> **Exercise details**
Within the data, how many lines hold the word "Inductive"? Answer with nothing but the number.

--- START ---

(* Let $\ell,k_1,k$ be positive integers. Consider RSA-PFDH with message space $\{0,1\}^\ell$, randomness length $k_1$ and hash function $h:\{0,1\}^{\ell+k_1}\to\{0,1\}^k$, in the chosen prefix second preimage tractable random oracle model $\mathrm{CP\text{-}SPT\text{-}ROM}_{(\ell,k_1,k)}$. There exists a PPT adversary $\mathcal{A}$ that, by making queries to the signing oracle and to $\mathcal{CP\text{-}SPO}^h$, breaks RSA-PFDH (outputs a valid EUF-CMA forgery) with probability at least $1-e^{(1-2^{\ell})/2^k}$. In particular, if $\ell\ge k\ge 2$, $\mathcal{A}$ outputs a valid forgery with probability at least $1-e^{-1/2}$.
   Context: Model $\mathrm{CP\text{-}SPT\text{-}ROM}_{(\ell,k_1,k)}$: let $M=\{0,1\}^{\ell}$, $R=\{0,1\}^{k_1}$, $X=M\times R$ (elements written as strings $m\|r$), $Y=\{0,1\}^k$, and $h:X\to Y$ a uniformly random function with table $\mathbb{T}_h$. All parties may query $\mathcal{RO}^h(x)$, returning $h(x)$, and the chosen prefix second preimage oracle $\mathcal{CP\text{-}SPO}^h(x,r')$: given $x$ with $|x|=\ell+k_1$ and $r'$ with $|r'|=k_1$, let $y=h(x)$; if there is an entry $(m'\|r',y)\in\mathbb{T}_h$ with $m'\|r'\ne x$, it returns such an $m'\|r'$ uniformly at random; otherwise it returns $\perp$. RSA-PFDH: $\mathsf{RSAGen}(1^k)$ chooses distinct random $k/2$-bit primes $p,q$, $N=pq$, $\phi=(p-1)(q-1)$, random $e\in\mathbb{Z}_\phi$ and $d$ with $ed\equiv1\pmod\phi$; $vk=(N,e)$, $sk=(N,d)$. $\mathsf{Sign}(sk,m)$: pick $r\in\{0,1\}^{k_1}$ uniformly, output $\sigma=(r,h(m\|r)^d\bmod N)$. $\mathsf{Verify}(vk,m,(r,x))=1$ iff $h(m\|r)=x^e\bmod N$. EUF-CMA game: the adversary receives $vk$, may query the signing oracle and the model's oracles, and outputs $(m^*,\sigma^* )$; it breaks the scheme if $\mathsf{Verify}(vk,m^*,\sigma^* )=1$ and $m^*$ was never queried to the signing oracle. *)

From HB Require Import structures.
From mathcomp Require Import all_boot all_order all_algebra.
From mathcomp Require Import reals sequences exp.
Set Implicit Arguments. Unset Strict Implicit. Unset Printing Implicit Defensive.
Import Order.TTheory GRing.Theory Num.Theory.

Definition bits (n : nat) := n.-tuple bool.

(* little-endian binary value of a bit string (a fixed injection into [0,2^n)) *)
Definition bits2nat (n : nat) (b : bits n) : nat :=
  \sum_(i < n) (tnth b i : nat) * 2 ^ i.

(* The random oracle table: h : X -> Y with X = M x R (x = m||r). *)
Definition hfun (l k1 k : nat) := {ffun bits l * bits k1 -> bits k}.

Definition kbit_prime (b p : nat) : bool :=
  prime p && (2 ^ b.-1 <= p < 2 ^ b).

Definition rsa_key (k p q e d : nat) : Prop :=
  let phi := (p.-1 * q.-1)%N in
  [/\ kbit_prime k./2 p, kbit_prime k./2 q, p != q,
      (e < phi) && (d < phi) & e * d = 1 %[mod phi]].

Definition pfdh_verify l k1 k (h : hfun l k1 k) (N e : nat)
    (m : bits l) (r : bits k1) (x : nat) : bool :=
  bits2nat (h (m, r)) %% N == x ^ e %% N.

Definition pfdh_sigval l k1 k (h : hfun l k1 k) (N d : nat)
    (m : bits l) (r : bits k1) : nat :=
  bits2nat (h (m, r)) ^ d %% N.

(* Adversaries: loop-free oracle programs over a register file.       *)
(* Every instruction is a polynomial-time primitive on values of      *)
(* polynomial size; programs of size bounded independently of the     *)
(* parameters are therefore PPT.             *)

Inductive val (l k1 k : nat) : Type :=
| VMsg of bits l
| VRnd of bits k1
| VInp of bits l * bits k1
| VHash of bits k
| VNum of nat
| VBool of bool.
Arguments VMsg {l k1 k}. Arguments VRnd {l k1 k}. Arguments VInp {l k1 k}.
Arguments VHash {l k1 k}. Arguments VNum {l k1 k}. Arguments VBool {l k1 k}.

Definition val_eq l k1 k (u v : option (val l k1 k)) : option bool :=
  match u, v with
  | Some (VMsg a), Some (VMsg b) => Some (a == b)
  | Some (VRnd a), Some (VRnd b) => Some (a == b)
  | Some (VInp a), Some (VInp b) => Some (a == b)
  | Some (VHash a), Some (VHash b) => Some (a == b)
  | Some (VNum a), Some (VNum b) => Some (a == b)
  | Some (VBool a), Some (VBool b) => Some (a == b)
  | _, _ => None
  end.

(* Registers are numbered in order of creation; the initial registers
   are 0 = N and 1 = e (the verification key). *)
Inductive prog (l k1 k : nat) : Type :=
| PConst of val l k1 k & prog l k1 k
| PEq of nat & nat & prog l k1 k
| PPair of nat & nat & prog l k1 k
| PFst of nat & prog l k1 k
| PSnd of nat & prog l k1 k
| PCoin of prog l k1 k
| PIf of nat & prog l k1 k & prog l k1 k
| PRO of nat & prog l k1 k
| PSign of nat & prog l k1 k                  (* two new registers := r, sigma *)
| PSPO of nat & nat & prog l k1 k & prog l k1 k
    (* CP-SPO^h(ri, rj): on an answer m'||r' store it in a new register and
       continue with the first program; on bottom continue with the second *)
| POut of nat & nat & nat.                    (* output (m_out, (r_out, x_out)) *)
Arguments POut {l k1 k}.

Fixpoint psize l k1 k (P : prog l k1 k) : nat :=
  match P with
  | PConst _ P' | PEq _ _ P' | PPair _ _ P' | PFst _ P' | PSnd _ P'
  | PCoin P' | PRO _ P' | PSign _ P' => (psize P').+1
  | PIf _ P1 P2 | PSPO _ _ P1 P2 => (psize P1 + psize P2).+1
  | POut _ _ _ => 1
  end.

Local Open Scope ring_scope.

Definition avg (R : realType) (T : finType) (f : T -> R) : R :=
  (\sum_(t : T) f t) / (#|T|%:R).

(* Probability that the adversary wins the EUF-CMA game, for a fixed
   hash table h, key (N,e,d), list of signed messages [log] and
   register file [env]; averaging over signing randomness, the
   uniform choices of CP-SPO and the adversary's coins. *)
Fixpoint win (R : realType) l k1 k (N e d : nat) (h : hfun l k1 k)
    (log : seq (bits l)) (env : seq (val l k1 k)) (P : prog l k1 k)
    {struct P} : R :=
  match P with
  | PConst v P' => win R N e d h log (rcons env v) P'
  | PEq i j P' =>
      match val_eq (onth env i) (onth env j) with
      | Some b => win R N e d h log (rcons env (VBool b)) P'
      | None => 0
      end
  | PPair i j P' =>
      match onth env i, onth env j with
      | Some (VMsg m), Some (VRnd r) =>
          win R N e d h log (rcons env (VInp (m, r))) P'
      | _, _ => 0
      end
  | PFst i P' =>
      match onth env i with
      | Some (VInp x) => win R N e d h log (rcons env (VMsg x.1)) P'
      | _ => 0
      end
  | PSnd i P' =>
      match onth env i with
      | Some (VInp x) => win R N e d h log (rcons env (VRnd x.2)) P'
      | _ => 0
      end
  | PCoin P' =>
      (win R N e d h log (rcons env (VBool true)) P'
       + win R N e d h log (rcons env (VBool false)) P') / 2
  | PIf i P1 P2 =>
      match onth env i with
      | Some (VBool b) =>
          if b then win R N e d h log env P1 else win R N e d h log env P2
      | _ => 0
      end
  | PRO i P' =>
      match onth env i with
      | Some (VInp x) => win R N e d h log (rcons env (VHash (h x))) P'
      | _ => 0
      end
  | PSign i P' =>
      match onth env i with
      | Some (VMsg m) =>
          avg (fun r : bits k1 =>
            win R N e d h (m :: log)
              (rcons (rcons env (VRnd r)) (VNum (pfdh_sigval h N d m r))) P')
      | _ => 0
      end
  | PSPO i j P1 P2 =>
      match onth env i, onth env j with
      | Some (VInp x), Some (VRnd r') =>
          let cands := [seq m' <- enum {: bits l} |
                          ((m', r') != x) && (h (m', r') == h x)] in
          if cands is [::] then win R N e d h log env P2
          else (\sum_(m' <- cands)
                  win R N e d h log (rcons env (VInp (m', r'))) P1)
               / (size cands)%:R
      | _, _ => 0
      end
  | POut i j t =>
      match onth env i, onth env j, onth env t with
      | Some (VMsg m), Some (VRnd r), Some (VNum x) =>
          if (m \notin log) && pfdh_verify h N e m r x then 1 else 0
      | _, _, _ => 0
      end
  end.

Definition forge_prob (R : realType) l k1 k (A : prog l k1 k)
    (p q e d : nat) : R :=
  let N := (p * q)%N in
  avg (fun h : hfun l k1 k => win R N e d h [::] [:: VNum N; VNum e] A).

(* The adversary signs a fixed message m0, obtaining (r, s) with s = h(m0||r)^d,
   and asks CP-SPO^h for a second preimage of h(m0||r) sharing the suffix r.
   Any answer m'||r yields the forgery (m', (r, s)), valid because
   h(m'||r) = h(m0||r).  So the adversary wins exactly when h(m0||r) collides
   with one of the 2^l - 1 other values h(m'||r) of its row; these values of a
   uniform h are independent, so this happens with probability
   1 - (1 - 2^-k)^(2^l - 1) >= 1 - exp(-(2^l - 1)/2^k). *)

From HB Require Import structures.
From mathcomp Require Import all_boot all_order all_algebra.
From mathcomp Require Import reals sequences exp zify lra.
Set Implicit Arguments. Unset Strict Implicit. Unset Printing Implicit Defensive.
Import Order.TTheory GRing.Theory Num.Theory.

Lemma fermat_little_iter p y t : prime p -> y ^ (1 + t * p.-1) = y %[mod p].
Proof.
move=> p_pr; elim: t => [|t IHt]; first by rewrite addn0 expn1.
have -> : (1 + t.+1 * p.-1 = (1 + t * p.-1) + p.-1)%N by rewrite mulSnr addnA.
by rewrite expnD -modnMml IHt modnMml -expnS prednK ?prime_gt0 ?fermat_little.
Qed.

Lemma rsa_exp_cancel p q e d y :
    prime p -> prime q -> p != q -> e * d = 1 %[mod p.-1 * q.-1] ->
  (y ^ d %% (p * q)) ^ e = y %[mod p * q].
Proof.
move=> p_pr q_pr neq_pq ed1.
have [p_gt1 q_gt1] := (prime_gt1 p_pr, prime_gt1 q_pr).
have phi_gt1 : (1 < p.-1 * q.-1)%N by move/eqP: neq_pq; nia.
have [t ed_eq] : exists t, (e * d = 1 + t * (p.-1 * q.-1))%N.
  exists (e * d %/ (p.-1 * q.-1)).
  by rewrite {1}(divn_eq (e * d) (p.-1 * q.-1)) ed1 modn_small // addnC.
rewrite modnXm -expnM mulnC ed_eq; apply/eqP.
rewrite chinese_remainder ?prime_coprime ?dvdn_prime2 //.
by rewrite mulnA fermat_little_iter // mulnAC fermat_little_iter ?eqxx.
Qed.

Lemma rsa_key_exp_cancel k p q e d : rsa_key k p q e d ->
  forall y, (y ^ d %% (p * q)) ^ e = y %[mod p * q].
Proof.
by case=> /andP[p_pr _] /andP[q_pr _] neq_pq _ ed1 y; apply: rsa_exp_cancel.
Qed.

Local Open Scope ring_scope.

Section Average.
Variable R : realType.

Lemma eq_avg (T : finType) (f g : T -> R) : f =1 g -> avg f = avg g.
Proof. by move=> eq_fg; rewrite /avg (eq_bigr _ (fun t _ => eq_fg t)). Qed.

Lemma avg_cst (T : finType) (c : R) : (0 < #|T|)%N -> avg (fun _ : T => c) = c.
Proof.
move=> T_gt0; rewrite /avg sumr_const -[c *+ _]mulr_natr mulfK //.
by rewrite pnatr_eq0 -lt0n.
Qed.

Lemma avgB (T : finType) (f g : T -> R) :
  avg (fun t => f t - g t) = avg f - avg g.
Proof. by rewrite /avg sumrB mulrBl. Qed.

Lemma avgC (S T : finType) (f : S -> T -> R) :
  avg (fun s => avg (f s)) = avg (fun t => avg (f^~ t)).
Proof. by rewrite /avg -!mulr_suml exchange_big /= mulrAC. Qed.

Lemma avg_pred (T : finType) (P : pred T) :
  avg (fun t => (P t)%:R : R) = #|P|%:R / #|T|%:R.
Proof.
rewrite /avg -sum1_card natr_sum [in RHS]big_mkcond /=; congr (_ / _).
by apply: eq_bigr => t _; rewrite unfold_in; case: (P t).
Qed.

Lemma avg_ffun_prod (I J : finType) (F : I -> J -> R) :
  avg (fun f : {ffun I -> J} => \prod_i F i (f i)) = \prod_i avg (F i).
Proof.
by rewrite /avg -bigA_distr_bigA prodf_div prodr_const card_ffun natrX.
Qed.

Lemma avg_sum (I T : finType) (f : I -> T -> R) :
  avg (fun t => \sum_i f i t) = \sum_i avg (f i).
Proof. by rewrite /avg exchange_big mulr_suml. Qed.

End Average.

--- END ---

> **Answer to this exercise**
2